Poi, quel metodo, lo aveva insensibilmente preso anche con Alberto. Quando se lo portava a passeggiare, abilmente gli metteva il discorso sulla moglie. Detto fatto: Alberto non voleva udire altro. Come per Caterina, Lucia era la sua idea fissa, il suo soggetto favorito. Ne aveva tante da contare che Andrea non sentiva bisogno d’interrogarlo più: lo interrompeva con qualche interiezione, per dimostrare che ascoltava e che si interessava. Alberto ne aveva da dire per un secolo, come egli si era innamorato, come parlava Lucia, che gli scriveva, come vestiva da fanciulla. Si ricordava specialmente di certe frasi, il carro di Jaggernaut, il dramma della vita, l’amore di testa, il silenzio del cuore — e le ripeteva, pastosamente, come assaporandole. Gli ripeteva certi particolari minimi, una data, il fiore ch’ella portava nei capelli quel giorno, i guanti che le salivano fino al gomito, la sottana di seta che faceva un certo fruscìo, ondeggiando sotto la pelliccia. Alberto non dimenticava nulla: un giorno l’aveva trovata con la febbre in letto, la testa avvolta in un fazzoletto di seta bianca che celava i capelli, imbacuccata come una monaca: un altro giorno ella gli aveva fatto il segno della croce sul petto, un gesto ascetico per preservarlo dal male. Un’altra volta ella gli aveva detto che sarebbe morta presto, che ne aveva il presentimento, e che aveva già fatto il testamento: voleva essere imbalsamata, perchè aveva paura dei vermi, avvolta prima in un lenzuolo di batista, poi in un grande pezzo di raso nero, profumato all’ambra, i capelli intrecciati con le perle, un crocifisso d’argento sul petto.

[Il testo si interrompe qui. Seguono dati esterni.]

(* Let $P=\sum_Ia_Ix^I\in\mathbb{R}[x_1,\dots,x_k]$, where $I=(i_1,\dots,i_k)$ ranges over $(\mathbb{N}\cup\{0\})^k$ and $x^I=x_1^{i_1}\cdots x_k^{i_k}$. Suppose $P$ is positive dominant, i.e. $A_I:=\sum_{I'\le I}a_{I'}>0$ for every multi-index $I$, where $I'\le I$ means $i'_j\le i_j$ for all $j$. Then $P>0$ on $[0,1]^k$. *)

From mathcomp Require Import all_boot all_order all_algebra.
From mathcomp Require Import mpoly.
Set Implicit Arguments. Unset Strict Implicit. Unset Printing Implicit Defensive.
Import Order.TTheory GRing.Theory Num.Theory.
Local Open Scope ring_scope.

(* Coefficients outside the support msupp P are zero, so summing over the
   support gives exactly the (finite) sum over all I' <= I. *)
Definition cum_coef (R : nzRingType) (k : nat) (P : {mpoly R[k]}) (I : 'X_{1..k}) : R :=
  \sum_(I' <- msupp P | lem I' I) P@_I'.

Definition positive_dominant (R : realDomainType) (k : nat) (P : {mpoly R[k]}) : Prop :=
  forall I : 'X_{1..k}, 0 < cum_coef P I.

From mathcomp Require Import all_boot all_order all_algebra.
From mathcomp Require Import mpoly.
Import Order.TTheory GRing.Theory Num.Theory.
Set Implicit Arguments. Unset Strict Implicit. Unset Printing Implicit Defensive.
Local Open Scope ring_scope.

(* Abel summation.  For 0 <= y <= 1 the numbers y^i (1 - y) (i < N) and y^N
   are nonnegative, sum to 1, and those with index >= t sum to y^t.  Taking
   products over the coordinates, each monomial x^m with exponents <= N is the
   total weight of the grid points f >= m of {0..N}^k, so P(x) = sum_f A_f w_f
   is a convex combination of the positive numbers A_f. *)

Section AbelWeights.
Variable R : comNzRingType.

Definition abel_weight (y : R) (N : nat) (i : 'I_N.+1) : R :=
  if (i < N)%N then y ^+ i * (1 - y) else y ^+ N.

Lemma sum_abel_weight_ge (y : R) (N t : nat) : (t <= N)%N ->
  \sum_(i < N.+1 | (t <= i)%N) abel_weight y i = y ^+ t.
Proof.
move=> le_tN; rewrite big_mkcond big_ord_recr /= -big_mkcond.
rewrite {2}/abel_weight ltnn le_tN.
have -> : \sum_(i < N | (t <= i)%N) abel_weight y (widen_ord (leqnSn N) i)
        = \sum_(t <= i < N) (y ^+ i - y ^+ i.+1).
  rewrite big_geq_mkord; apply: eq_bigr => i _.
  by rewrite /abel_weight /= ltn_ord exprSr mulrBr mulr1.
rewrite (@telescope_sumr_eq _ t N (fun i => - y ^+ i)) //; last first.
  by move=> i _; rewrite opprK addrC.
by rewrite opprK addrC addNKr.
Qed.

Definition box_weight (k N : nat) (x : 'I_k -> R) (f : {ffun 'I_k -> 'I_N.+1}) : R :=
  \prod_j abel_weight (x j) (f j).

Lemma sum_box_weight_ge (k N : nat) (x : 'I_k -> R) (t : 'I_k -> nat) :
  (forall j, t j <= N)%N ->
  \sum_(f : {ffun 'I_k -> 'I_N.+1} | [forall j, t j <= f j]%N) box_weight x f
  = \prod_j x j ^+ t j.
Proof.
move=> le_tN.
under [RHS]eq_bigr => j _ do rewrite -(sum_abel_weight_ge _ (le_tN j)).
rewrite bigA_distr_big_dep; apply: eq_bigl => f.
by apply/forallP/familyP.
Qed.

Lemma sum_box_weight (k N : nat) (x : 'I_k -> R) :
  \sum_(f : {ffun 'I_k -> 'I_N.+1}) box_weight x f = 1.
Proof.
have := @sum_box_weight_ge k N x (fun=> 0%N) (fun=> leq0n N).
rewrite (eq_bigr (fun=> 1)) ?big1_eq // => <-.
by apply: eq_bigl => f; apply/esym/forallP.
Qed.

End AbelWeights.

Section Positivity.
Variable R : realDomainType.

Lemma abel_weight_ge0 (y : R) (N : nat) (i : 'I_N.+1) :
  0 <= y <= 1 -> 0 <= abel_weight y i.
Proof.
case/andP=> y_ge0 y_le1; rewrite /abel_weight; case: ifP => _.
  by rewrite mulr_ge0 ?exprn_ge0 ?subr_ge0.
exact: exprn_ge0.
Qed.

Lemma box_weight_ge0 (k N : nat) (x : 'I_k -> R) (f : {ffun 'I_k -> 'I_N.+1}) :
  (forall j, 0 <= x j <= 1) -> 0 <= box_weight x f.
Proof. by move=> x01; apply: prodr_ge0 => j _; apply: abel_weight_ge0. Qed.

Lemma convex_comb_gt0 (I : finType) (a w : I -> R) :
  (forall i, 0 < a i) -> (forall i, 0 <= w i) -> \sum_i w i = 1 ->
  0 < \sum_i a i * w i.
Proof.
move=> a_gt0 w_ge0 sum_w1.
have [i /andP[_ wi_gt0]] : exists i, true && (0 < w i).
  apply: psumr_neq0P => [i _|]; first exact: w_ge0.
  by rewrite sum_w1; apply/eqP/oner_neq0.
rewrite (bigD1 i) //= ltr_wpDr ?mulr_gt0 //.
by apply: sumr_ge0 => j _; rewrite mulr_ge0 ?(ltW (a_gt0 j)).
Qed.

End Positivity.

Section AbelExpansion.
Variables (R : comNzRingType) (k : nat).

Definition box_mnm (N : nat) (f : {ffun 'I_k -> 'I_N.+1}) : 'X_{1..k} :=
  [multinom (f j : nat) | j < k].

Lemma mnm_le_msize (P : {mpoly R[k]}) (m : 'X_{1..k}) (j : 'I_k) :
  m \in msupp P -> (m j <= msize P)%N.
Proof.
move=> /msize_mdeg_lt /ltnW; apply: leq_trans.
by rewrite mdegE (bigD1 j) //= leq_addr.
Qed.

Lemma meval_abel_expansion (P : {mpoly R[k]}) (x : 'I_k -> R) :
  P.@[x] = \sum_(f : {ffun 'I_k -> 'I_(msize P).+1})
             cum_coef P (box_mnm f) * box_weight x f.
Proof.
under [RHS]eq_bigr => f _ do rewrite /cum_coef mulr_suml big_mkcond /=.
rewrite mevalE exchange_big /=; apply: eq_big_seq => m suppm.
rewrite -(sum_box_weight_ge x (fun j => mnm_le_msize j suppm)).
rewrite mulr_sumr big_mkcond /=; apply: eq_bigr => f _.
have -> : lem m (box_mnm f) = [forall j, m j <= f j]%N.
  by apply: eq_forallb => j; rewrite mnmE.
by case: ifP; rewrite ?mul0r ?mulr0.
Qed.

End AbelExpansion.

Theorem lemma7p2 (R : realFieldType) (k : nat) (P : {mpoly R[k]}) :
  positive_dominant P ->
  forall x : 'I_k -> R, (forall j : 'I_k, 0 <= x j <= 1) -> 0 < P.@[x].
Proof.
move=> posP x x01; rewrite meval_abel_expansion.
apply: convex_comb_gt0 => [f|f|].
- exact: posP.
- exact: box_weight_ge0.
- exact: sum_box_weight.
Qed.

— Una cosa da piangere, Andrea mio — continuava Alberto — io non poteva farla tacere. Volle dirmi tutto, tutto. Finimmo col piangere ambedue, l’uno nelle braccia dell’altro, come se dovessimo morire lì per lì.

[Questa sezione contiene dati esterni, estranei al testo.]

(* Let $\mathbf K$ be a commutative field, $p,q\in\mathbb N$ and $A\in\mathrm{Rec}_{p\times q}(\mathbf K)$. The following are equivalent: (i) the set $\{A[U,W]:(U,W)\in\mathcal M_{p\times q}\}\subset\mathbf K$ is finite; (ii) for every $B\in\overline{A}^{rec}$ the set $\{B[U,W]:(U,W)\in\mathcal M_{p\times q}\}$ is finite; (iii) the recursive set-closure $\{\rho(S,T)A:(S,T)\in\mathcal M_{p\times q}\}$ is finite; (iv) the shift-monoid of $A$, i.e. the set of restrictions of all shift maps $\rho(S,T)$, $(S,T)\in\mathcal M_{p\times q}$, to $\overline{A}^{rec}$, is finite.
   Context: $\mathcal M_{p\times q}$ is the monoid of pairs $(U,W)$ of words of common length with $U$ over $\{0,\dots,p-1\}$, $W$ over $\{0,\dots,q-1\}$, under concatenation. For $A:\mathcal M_{p\times q}\to\mathbf K$ (values $A[U,W]$), shift maps act by $(\rho(S,T)A)[U,W]=A[US,WT]$. $\overline{A}^{rec}$ is the linear span of $\{\rho(S,T)A\}$ (an invariant subspace for all shift maps), and $\mathrm{Rec}_{p\times q}(\mathbf K)$ is the set of $A$ with $\dim\overline{A}^{rec}<\infty$. *)

From HB Require Import structures.
From mathcomp Require Import all_boot all_order all_algebra.
Set Implicit Arguments. Unset Strict Implicit. Unset Printing Implicit Defensive.
Import GRing.Theory.
Local Open Scope ring_scope.

(* The monoid M_{p x q}: pairs (U,W) of words of common length,
   U over {0..p-1} = 'I_p, W over {0..q-1} = 'I_q. *)
Definition pw (p q : nat) := {x : seq 'I_p * seq 'I_q | size x.1 == size x.2}.

Lemma pw_cat_proof p q (a b : pw p q) :
  size ((val a).1 ++ (val b).1) == size ((val a).2 ++ (val b).2).
Proof. by rewrite !size_cat (eqP (valP a)) (eqP (valP b)). Qed.

Definition pw_cat p q (a b : pw p q) : pw p q :=
  exist _ ((val a).1 ++ (val b).1, (val a).2 ++ (val b).2) (pw_cat_proof a b).

Definition rho (K : fieldType) p q (ST : pw p q) (A : pw p q -> K) : pw p q -> K :=
  fun UW => A (pw_cat UW ST).

(* B lies in the linear span  \bar{A}^{rec}  of {rho(S,T) A} *)
Definition in_rec_closure (K : fieldType) p q (A B : pw p q -> K) : Prop :=
  exists (n : nat) (c : 'I_n -> K) (s : 'I_n -> pw p q),
    B = (fun UW => \sum_(i < n) c i * rho (s i) A UW).

Definition in_span (K : fieldType) p q n (F : 'I_n -> (pw p q -> K)) (B : pw p q -> K) : Prop :=
  exists c : 'I_n -> K, B = (fun UW => \sum_(i < n) c i * F i UW).

(* A in Rec_{p x q}(K): dim \bar{A}^{rec} < oo, i.e. \bar{A}^{rec} is spanned
   by finitely many of its elements *)
Definition is_rec (K : fieldType) p q (A : pw p q -> K) : Prop :=
  exists (n : nat) (F : 'I_n -> (pw p q -> K)),
    (forall i, in_rec_closure A (F i)) /\
    (forall B, in_rec_closure A B -> in_span F B).

Definition finite_values (K : fieldType) p q (B : pw p q -> K) : Prop :=
  exists s : seq K, forall UW, B UW \in s.

Definition finite_shift_set (K : fieldType) p q (A : pw p q -> K) : Prop :=
  exists (n : nat) (f : 'I_n -> (pw p q -> K)),
    forall ST, exists i, rho ST A = f i.

Definition finite_shift_monoid (K : fieldType) p q (A : pw p q -> K) : Prop :=
  exists (n : nat) (g : 'I_n -> pw p q),
    forall ST, exists i, forall B, in_rec_closure A B -> rho ST B = rho (g i) B.

From mathcomp Require Import all_boot all_order all_algebra.
From Stdlib Require Import Classical FunctionalExtensionality.
Set Implicit Arguments. Unset Strict Implicit. Unset Printing Implicit Defensive.
Import GRing.Theory.
Local Open Scope ring_scope.

(* The span of the shifts of A is finite-dimensional, so finitely many points
   l determine its elements by evaluation. Hence the restriction of rho(S,T)
   to this span is determined by the values G_i[x(S,T)], x in l, of a finite
   spanning family G. When A takes finitely many values, so does each G_i, and
   only finitely many restrictions occur: (i) implies (iv). *)

Lemma finite_representatives (Y : Type) (W : eqType) (L : seq W) (key : Y -> W)
    (R : Y -> Y -> Prop) :
  (forall y, key y \in L) -> (forall y y', key y = key y' -> R y y') ->
  exists n (g : 'I_n -> Y), forall y, exists i, R y (g i).
Proof.
move=> keyL keyR.
suff [n [g gP]] : exists n (g : 'I_n -> Y),
    forall y, key y \in L -> exists i, R y (g i).
  by exists n, g => y; apply: gP.
elim: L {keyL} => [|w L [n [g gP]]].
  by exists 0, (fun i : 'I_0 => False_rect _ (notF (ltn_ord i))).
have [[y0 key_y0]|no_y0] := classic (exists y0, key y0 = w).
  exists n.+1, (fun i => if unlift ord_max i is Some j then g j else y0).
  move=> y; rewrite in_cons => /predU1P [key_y|/gP [j Rj]].
    by exists ord_max; rewrite unlift_none; apply: keyR; rewrite key_y key_y0.
  by exists (lift ord_max j); rewrite liftK.
exists n, g => y; rewrite in_cons => /predU1P [key_y|]; last exact: gP.
by case: no_y0; exists y.
Qed.

Lemma finite_seqs_over (W : eqType) (s : seq W) m :
  exists L : seq (seq W), forall t, size t = m -> all (mem s) t -> t \in L.
Proof.
elim: m => [|m [L LP]]; first by exists [:: [::]] => [[]].
exists [seq a :: t | a <- s, t <- L] => [[|a t]] //= [size_t] /andP [sa st].
by apply/allpairsP; exists (a, t); split => //; apply: LP.
Qed.

Lemma finite_values_lincomb (K : fieldType) (X : Type) (s : seq K) m
    (c : 'I_m -> K) (f : 'I_m -> X -> K) :
  (forall i x, f i x \in s) -> exists L : seq K, forall x, \sum_i c i * f i x \in L.
Proof.
elim: m c f => [|m IHm] c f fs; first by exists [:: 0] => x; rewrite big_ord0 mem_seq1.
have [L LP] := IHm (c \o widen_ord (leqnSn m)) (f \o widen_ord (leqnSn m)) (fun i => fs _).
exists [seq a + c ord_max * b | a <- L, b <- s] => x; rewrite big_ord_recr /=.
by apply/allpairsP; eexists (_, f ord_max x); split; [apply: LP | apply: fs |].
Qed.

Section DeterminingPoints.

Variables (K : fieldType) (X : eqType) (n : nat) (G : 'I_n -> X -> K).

Definition eval_row (x : X) : 'rV[K]_n := \row_i G i x.

Definition eval_mx (l : seq X) : 'M[K]_(size l, n) :=
  \matrix_(j, i) G i (tnth (in_tuple l) j).

Lemma lincomb_eval_row (c : 'I_n -> K) y :
  \sum_i c i * G i y = (eval_row y *m \col_i c i) 0 0.
Proof. by rewrite !mxE; apply: eq_bigr => i _; rewrite !mxE mulrC. Qed.

Lemma row_eval_mx l j : row j (eval_mx l) = eval_row (tnth (in_tuple l) j).
Proof. by apply/rowP => i; rewrite !mxE. Qed.

Lemma eval_row_sub x l : x \in l -> (eval_row x <= eval_mx l)%MS.
Proof. by case/(tnthP (in_tuple l)) => j ->; rewrite -row_eval_mx row_sub. Qed.

Lemma eval_mx_sub l l' : {subset l <= l'} -> (eval_mx l <= eval_mx l')%MS.
Proof.
by move=> sub_ll'; apply/row_subP => j; rewrite row_eval_mx eval_row_sub ?sub_ll' ?mem_tnth.
Qed.

Lemma exists_spanning_points : exists l, forall y, (eval_row y <= eval_mx l)%MS.
Proof.
(* A list that does not span can be extended to raise the rank, which is at most n. *)
have grow k : (exists l, forall y, (eval_row y <= eval_mx l)%MS) \/
              exists l, (k <= \rank (eval_mx l))%N.
  elim: k => [|k [spanning|[l rank_l]]]; [by right; exists [::] | by left |].
  have [spanning|/not_all_ex_not [y y_out]] := classic (forall y, (eval_row y <= eval_mx l)%MS).
    by left; exists l.
  right; exists (y :: l); apply: leq_ltn_trans rank_l (rank_ltmx _).
  rewrite ltmxE eval_mx_sub => [|x]; last by rewrite in_cons => ->; rewrite orbT.
  apply/negP => sub_l; apply/y_out/submx_trans/sub_l/eval_row_sub.
  exact: mem_head.
by case: (grow n.+1) => [//|[l]]; rewrite ltnNge rank_leq_col.
Qed.

Lemma exists_determining_points : exists l : seq X, forall c1 c2 : 'I_n -> K,
  {in l, forall x, \sum_i c1 i * G i x = \sum_i c2 i * G i x} ->
  forall y, \sum_i c1 i * G i y = \sum_i c2 i * G i y.
Proof.
have [l spanning] := exists_spanning_points; exists l => c1 c2 eq_l y.
have eq_mx : eval_mx l *m \col_i c1 i = eval_mx l *m \col_i c2 i.
  apply/row_matrixP => j; rewrite !row_mul row_eval_mx; apply/rowP => k.
  by rewrite (ord1 k) -!lincomb_eval_row eq_l ?mem_tnth.
by rewrite !lincomb_eval_row; have /submxP [D ->] := spanning y; rewrite -!mulmxA eq_mx.
Qed.

End DeterminingPoints.

Section Shifts.

Variables (K : fieldType) (p q : nat).
Implicit Types (A B : pw p q -> K) (ST UW : pw p q).

Definition pw_nil : pw p q := exist _ ([::], [::]) erefl.

Lemma pw_cat_assoc UW ST ST' : pw_cat (pw_cat UW ST) ST' = pw_cat UW (pw_cat ST ST').
Proof. by apply: val_inj; rewrite /= !catA. Qed.

Lemma pw_nil_cat ST : pw_cat pw_nil ST = ST.
Proof. by apply: val_inj; case: ST => [[]]. Qed.

Lemma pw_cat_nil ST : pw_cat ST pw_nil = ST.
Proof. by apply: val_inj; case: ST => [[U W] ?] /=; rewrite !cats0. Qed.

Lemma rho_nil A : rho pw_nil A = A.
Proof. by apply: functional_extensionality => UW; rewrite /rho pw_cat_nil. Qed.

Lemma rho_rho ST ST' A : rho ST (rho ST' A) = rho (pw_cat ST ST') A.
Proof. by apply: functional_extensionality => UW; rewrite /rho pw_cat_assoc. Qed.

Lemma rho_at_nil ST A : rho ST A pw_nil = A ST.
Proof. by rewrite /rho pw_nil_cat. Qed.

Lemma in_rec_closure_self A : in_rec_closure A A.
Proof.
exists 1, (fun=> 1), (fun=> pw_nil); rewrite rho_nil.
by apply: functional_extensionality => UW; rewrite big_ord1 mul1r.
Qed.

Lemma in_rec_closure_rho ST A B : in_rec_closure A B -> in_rec_closure A (rho ST B).
Proof.
case=> m [c [s ->]]; exists m, c, (fun i => pw_cat ST (s i)).
by apply: functional_extensionality => UW; apply: eq_bigr => i _; rewrite -rho_rho.
Qed.

Lemma finite_values_rec_closure A B :
  finite_values A -> in_rec_closure A B -> finite_values B.
Proof.
case=> s As [m [c [t ->]]].
by apply: (finite_values_lincomb c (f := fun i => rho (t i) A)) => i UW; apply: As.
Qed.

Lemma in_span_determining_points n (G : 'I_n -> pw p q -> K) :
  exists l : seq (pw p q), forall B1 B2,
    in_span G B1 -> in_span G B2 -> {in l, B1 =1 B2} -> B1 = B2.
Proof.
have [l detG] := exists_determining_points G.
exists l => _ _ [c1 ->] [c2 ->] eq_l.
by apply: functional_extensionality; apply: detG.
Qed.

Lemma finite_shift_set_values A : finite_shift_set A -> finite_values A.
Proof.
case=> n [f fP]; exists [seq f i pw_nil | i <- enum 'I_n] => ST.
by rewrite -rho_at_nil; have [i ->] := fP ST; rewrite map_f ?mem_enum.
Qed.

Lemma finite_shift_monoid_set A : finite_shift_monoid A -> finite_shift_set A.
Proof.
case=> n [g gP]; exists n, (fun i => rho (g i) A) => ST.
by have [i rhoP] := gP ST; exists i; apply/rhoP/in_rec_closure_self.
Qed.

Lemma finite_values_shift_monoid A :
  is_rec A -> finite_values A -> finite_shift_monoid A.
Proof.
case=> n [G [G_rec spanG]] finA.
have [l detG] := in_span_determining_points G.
have [S GS] : exists S : seq K, forall i UW, G i UW \in S.
  have /fin_all_exists [s sP] i : exists s : seq K, forall UW, G i UW \in s.
    exact: finite_values_rec_closure finA (G_rec i).
  exists (flatten [seq s i | i <- enum 'I_n]) => i UW.
  by apply/flatten_mapP; exists i; rewrite ?mem_enum.
pose key ST := [seq G ix.1 (pw_cat ix.2 ST) | ix <- [seq (i, x) | i <- enum 'I_n, x <- l]].
have [L keyL] := finite_seqs_over S (n * size l).
apply: (finite_representatives (L := L) (key := key)
  (R := fun ST ST' => forall B, in_rec_closure A B -> rho ST B = rho ST' B)).
  move=> ST; apply: keyL; first by rewrite size_map size_allpairs size_enum_ord.
  by apply/allP => _ /mapP [ix _ ->]; apply: GS.
move=> ST ST' /eq_in_map eq_key B /spanG [d ->].
have rhoG i : rho ST (G i) = rho ST' (G i).
  apply: detG; try exact/spanG/in_rec_closure_rho/G_rec.
  by move=> x lx; apply: (eq_key (i, x)); rewrite allpairs_f ?mem_enum.
apply: functional_extensionality => UW; apply: eq_bigr => i _.
exact: (congr1 (fun f => d i * f UW) (rhoG i)).
Qed.

End Shifts.

Theorem mainTheorem16 (K : fieldType) (p q : nat) (A : pw p q -> K) :
  is_rec A ->
  [/\ finite_values A <-> (forall B, in_rec_closure A B -> finite_values B),
      finite_values A <-> finite_shift_set A
    & finite_values A <-> finite_shift_monoid A].
Proof.
move=> recA; have i_iv := finite_values_shift_monoid recA.
have iv_iii := @finite_shift_monoid_set K p q A.
have iii_i := @finite_shift_set_values K p q A.
split; split => [finA|].
- by move=> B; apply: finite_values_rec_closure.
- by apply; apply: in_rec_closure_self.
- by apply/iv_iii/i_iv.
- exact: iii_i.
- exact: i_iv.
- by move/iv_iii/iii_i.
Qed.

Ma come Alberto Sanna diventava troppo espansivo nelle sue confidenze e ai pomelli sporgenti gli saliva la porpora malaticcia dell’eccitazione, Andrea provava la tortura della gelosia. Alberto Sanna si entusiasmava per la delicata bellezza di sua moglie, per la dolcezza dei suoi baci, e andava avanti, avanti; il suo compagno si faceva pallido, mordeva il suo sigaro, e non sapeva come resistere alla voglia di buttare Alberto in un fosso. Questo ammalato, che respirava affannando alla pianura, e alla salita il respiro gli sfuggiva come un fischio, questo gretto omuncolo parlava delle gioie dell’amore con una enfasi, come se fosse capace di intenderle. Andrea lo squadrava e lo trovava un burattino rattino così legnoso nel suo soprabito già invernale dal bavero alzato, col cappello abbassato sugli occhi, che alla collera si univa il disdegno, e gittava il sigaro con violenza contro un tronco d’albero. Non vi era modo di farlo tacere più, Alberto. Egli aveva quella appassionata sfacciataggine degli innamorati, che narrerebbero al mondo come è tornita la spalla dell’amante loro, come il corpo sia più bianco del volto: un impudore sereno, per cui diceva ad Andrea che Lucia portava le giarrettiere di seta azzurra, ricamate a violette del pensiero, col motto: Honny soit qui mal y pense. E gli chiedeva, sorridendo:

— Che te ne pare eh? Non è grazioso?

La consolazione diveniva una tortura, il sollievo si cangiava in spasimo. Andrea si faceva tetro e grave.